Помолчав, старик улыбнулся и продолжал: 

– Ведь, и нас с вами зачисляют в разряд интеллигенции; а это слово делается теперь почти зазорным…

– Почему? 

– Такая теперь полоса! Если не зазорным, то явно не насмешливым выражением. У нас в губернии бойкие бабёнки, жёны разных успокоителей, не иначе произносят это слово, как с резким звуком «х»: не «интеллигенция», а «интеллихенция». И это издевательство показывает вам, до какой степени в нынешних российских патриотах вымерло сознание того, что больше всего делает нашу с вами жизнь прямо невыносимой! 

– Что же это? – заинтересованно спросил второй собеседник.

– Циническое попирание всего того, что общество, еще не выродившееся в конец, считает своими неотъемлемыми правами, а превыше всего – презрительное недоверие к тому, что мы с вами, наивные земские люди, считаем самыми умеренными запросами и упованиями. Не правда ли, что и термин «земский человек» также захватан грязными руками, как и слово «интеллигент»? 


II.

– Знаете что, – начал опять старик, допивая свой кофе, – мне вот сию минуту пришла на ум двойная формула, для двух полюсов русской жизни, из самой мрачной полосы старого московского государства… «Земщина и опричина»…
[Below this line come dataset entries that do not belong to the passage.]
(* Every nontrivial totally geodesic subset of $\mathbb{H}^2\times\mathbb{R}$ is either a horizontal plane $\mathbb{H}^2\times\{r\}$ for some $r\in\mathbb{R}$, or a vertical plane $\gamma\times\mathbb{R}$ for some geodesic $\gamma$ of $\mathbb{H}^2$.
   Context: $\mathbb{H}^2\times\mathbb{R}$ carries the Riemannian product metric. A geodesic is the image of a locally isometric immersion of the whole real line. A totally geodesic subset is a nonempty subset $X$ such that any two points of $X$ are joined by a geodesic contained in $X$; it is trivial if it is a single geodesic or the whole space, and nontrivial otherwise. *)

From Stdlib Require Import Reals.
Open Scope R_scope.

Definition arcosh (z : R) : R := ln (z + sqrt (z * z - 1)).

Record H2 : Type := mkH2 { hx : R; hy : R; hy_pos : 0 < hy }.

(* Hyperbolic distance (Riemannian distance of the metric (dx^2+dy^2)/y^2). *)
Definition dH (p q : H2) : R :=
  arcosh (1 + ((hx p - hx q) ^ 2 + (hy p - hy q) ^ 2) / (2 * hy p * hy q)).

Definition H2R : Type := (H2 * R)%type.

Definition dH2R (p q : H2R) : R :=
  sqrt (dH (fst p) (fst q) ^ 2 + (snd p - snd q) ^ 2).

Definition locally_isometric {X : Type} (d : X -> X -> R) (c : R -> X) : Prop :=
  forall t : R, exists eps : R, 0 < eps /\
    forall s s' : R, Rabs (s - t) < eps -> Rabs (s' - t) < eps ->
      d (c s) (c s') = Rabs (s - s').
– Как это верно! – возбужденно вскричал второй собеседник. – Земщина и опричина.

– Разве те, кто теперь мудрит над нами, не та же опричина? Но с той обидной разницей, что тогда, в XVI веке Русь разделилась на две половины, и та, какую назвали «земщиной», как бы предоставлена была самой себе. Ее, правда, отрезали, как опальную область, но все-таки же оставили ей некоторое подобие самоуправления.

– Нам теперь хотя бы подобие! 

– И это подобие было все-таки гораздо более похоже на земское дело, чем то, как хозяйничают теперешние заправилы уезда и губернии. Старик полузакрыл глаза и грустно усмехнулся.

– Знаете… мне просто иной раз не верится, что я, говорящий с вами в эту минуту был когда-то… как вы думаете – кем? 

– Мировым судьей? 

– И в судьях побывал, но позднее; а начал свою службу посредником. Да, посредником, совсем юнцом, прямо со студенческой скамьи. 

– Мировым посредником?! – почти изумленно вскричал второй собеседник.

– Ведь, это звание кажется теперь, чем-то чуть ли не чуть не ископаемым! Много ли нас? Самый престарелый, тот… яснополянский мудрец, сошел в могилу в прошлом году. Остались только вот такие, как я, попавшие в посредники совсем юными… Да и самому-то себе всё это представляется точно во сне. И когда это было? В ту полосу нашей внутренней политики, когда не было ещё никакого представительства, да и самое земство ещё не существовало.

– А жилось лучше? 

– И сравнивать смешно! До сих пор делается, вдруг светло на душе, когда вспомнишь про то, прямо сказать, героическое время…

– Но и тогда, ведь, в нашем сословии было немало таких милашек, какие теперь, почуяв, откуда повеял ветер, так задрали головы? 

– Были, и даже в достаточном количестве. Но те, кто пошел в посредники «за совесть» и мужественно стал между народом и недавними рабовладельцами, были сильны сознанием того, что эти рабовладельцы нас не одолеют. И с таким же чувством мы потом превратились в мировых судей и в земских хозяев уезда и губернии… Но зачем все это вспоминать? 

Он повел головой и слегка ударил кулаком по столу.

– Разве нам снилось тогда, до чего мы доживем через пятьдесят лет после 19-го февраля 1861 года, с какими итогами мы с вами будем готовиться к встрече Нового – и какого! – года, – года столетней национальной годовщины нашего общенародного освобождения от «двунадесяти язык»? 

Старик, воскликнув это, оглянулся кругом.


III.

Столовая оставалась все такой же пустой.

Им обоим не хотелось уходить. Они чувствовали, что там, на новогодних ужинах, неловко будет заводить беседу в том же тоне. 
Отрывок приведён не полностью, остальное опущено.